Judge awards a Black church $1M over BLM banner burned by Proud Boys during protest

A Washington D.C. judge has awarded more than $1 million in damages to a Black church after its Black Lives Matter banner was burned by the Proud Boys during a 2020 protest.

Order details: Superior Court Associate Judge Neal A. Kravitz barred the extremist group and its leaders from coming near the Metropolitan African Methodist Episcopal Church or making defamatory remarks for five years.
* The ruling was issued as a default judgment after the defendants failed to appear in court.

Background: The church’s two Black Lives Matter banners were destroyed and burned during clashes between pro-Trump supporters and counterdemonstrators in December 2020.
* The Metropolitan AME Church had sued the Proud Boys and their leaders for trespassing and destroying religious property related to bias conspiracy.
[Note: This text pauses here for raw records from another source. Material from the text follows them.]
Lemma kw_rcons X a : kw w (rcons X a) = (kw w X + suffix w (rcons X a))%N.
Proof.
elim: X => [|x X IHX] /=.
  rewrite kw_cons addnC; congr (_ + _)%N.
  have := @prefix_rconsE _ w [::] a; have := @suffix_consE _ w [::] a.
  by rewrite prefixs0 suffixs0 (negPf w_neq0) !orFb => -> ->.
rewrite !kw_cons IHX suffix_consE -rcons_cons prefix_rconsE.
case: eqP => [->|_]; last by rewrite !orbF addnA.
have /negPf-> : ~~ prefix (rcons (x :: X) a) (x :: X).
  by apply/negP => /size_prefix; rewrite size_rcons ltnn.
have /negPf-> : ~~ suffix (rcons (x :: X) a) (rcons X a).
  by apply/negP => /size_suffix; rewrite !size_rcons ltnn.
by rewrite /= addn0 add0n addnC.
Qed.

Lemma leq_kw_rcons X a : (kw w X <= kw w (rcons X a))%N.
Proof. by rewrite kw_rcons leq_addr. Qed.

Lemma leq_kw_cat X Y : (kw w X <= kw w (X ++ Y))%N.
Proof.
elim/last_ind: Y => [|Y a IHY]; first by rewrite cats0.
by rewrite -rcons_cat (leq_trans IHY (leq_kw_rcons _ _)).
Qed.

Lemma leq_kw_star X : (kw w X <= kw_star w X)%N.
Proof.
have [x0 _] : exists x0 : 'I_b, true by case: (w) w_neq0 => // x0; exists x0.
exact: leq_trans (leq_kw_cat X (nseq_tuple _ x0)) (leq_bigmax (nseq_tuple _ x0)).
Qed.
(* Let $(G_x \mid x \in \mathbb{N}_0)$ be the coclass family defined by $\eta \in H^3(P,T)$, let $L$ be an elementary abelian subgroup of $P$ and $x \in \mathbb{N}_0$. Then: (a) $\overline{L}_x$ splits over $M_x$ if and only if $L \in \mathcal{L}_\eta$; (b) if $\overline{L}_x$ splits over $M_x$, then $\overline{L}$ splits over $T$.
   Context: Conventions: normalised cocycles $Z^n$, coboundaries $B^n$, cohomology $H^n$ for right modules written additively; $\mathrm{Ext}(\tau)$ for $\tau\in Z^2(G,M)$ is $G\times M$ with $(g,m)(h,n)=(gh,m^h+n+\tau(g,h))$. Setting: $S$ an infinite pro-$p$-group of finite coclass; $T = \gamma_\ell(S)$ ($\ell$ large) with $T\cong \mathbb{Z}_p^d$, $P = S/T$ finite with $|P| = p^m$, the series $T_0=T$, $T_{i+1}=[T_i,S]$ with all indices $p$; $T$ an additive $P$-module via conjugation; $S = \mathrm{Ext}(\rho)$, $\rho \in Z^2(P,T)$. For $L\leq P$, $\overline{L}$ is the full preimage of $L$ in $S$. $\mathcal{L}$ is the set of elementary abelian $L\leq P$ with $\rho_L \in B^2(L,T)$, and $\mathcal{L}_\eta = \{L\in\mathcal{L} \mid \mathrm{res}^P_L(\eta) = 0 \in H^3(L,T)\}$. Coclass family: $e=3m$, $M_x = T/p^{x+e}T$; $pro_x: Z^2(P,T)\to Z^2(P,M_x)$ induced by projection, with image $I^2(P,M_x)$; $J^2(P,M_x)$ the image of $Z^2(P,p^{x+e-m}T/p^{x+e}T)\to Z^2(P,M_x)$ induced by inclusion; $K^2(P,M_x) \leq J^2(P,M_x)$ fixed complements of $I^2(P,M_x)$ in $Z^2(P,M_x)$ with $mul(K^2(P,M_x)) = K^2(P,M_{x+1})$, $mul$ induced by $t+p^{x+e}T\mapsto pt+p^{x+e+1}T$. The composite $Z^2(P,M_x)\to H^2(P,M_x)\to H^3(P,p^{x+e}T)\to H^3(P,T)$ (quotient, connecting homomorphism, division by $p^{x+e}$) restricts to an isomorphism on $K^2(P,M_x)$; $\eta_x\in K^2(P,M_x)$ is the preimage of $\eta$, $\rho_x = pro_x(\rho)$, $G_x = \mathrm{Ext}(\rho_x+\eta_x)$, with $M_x$ identified with $\{(1,m)\}$. For $L \leq P$, $\overline{L}_x$ is the full preimage of $L$ under $G_x \to P$, $(g,m)\mapsto g$. *)

From HB Require Import structures.
From mathcomp Require Import all_boot all_order all_algebra all_fingroup all_solvable.
From mathcomp Require Import boolp.
Set Implicit Arguments. Unset Strict Implicit. Unset Printing Implicit Defensive.
Import GRing.Theory.
Local Open Scope ring_scope.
Key player: Proud Boys leader Henry “Enrique” Tarrio publicly accepted he set fire to one of the banners.
* Tarrio pleaded guilty to two misdemeanor criminal charges of property destruction and attempted possession of a high-capacity magazine in July 2021.
* He was later sentenced to more than five months in jail.
* Tarrio and other members of the Proud Boys faced separate convictions for seditious conspiracy charges related to the U.S. Capitol attack on January 6, 2021.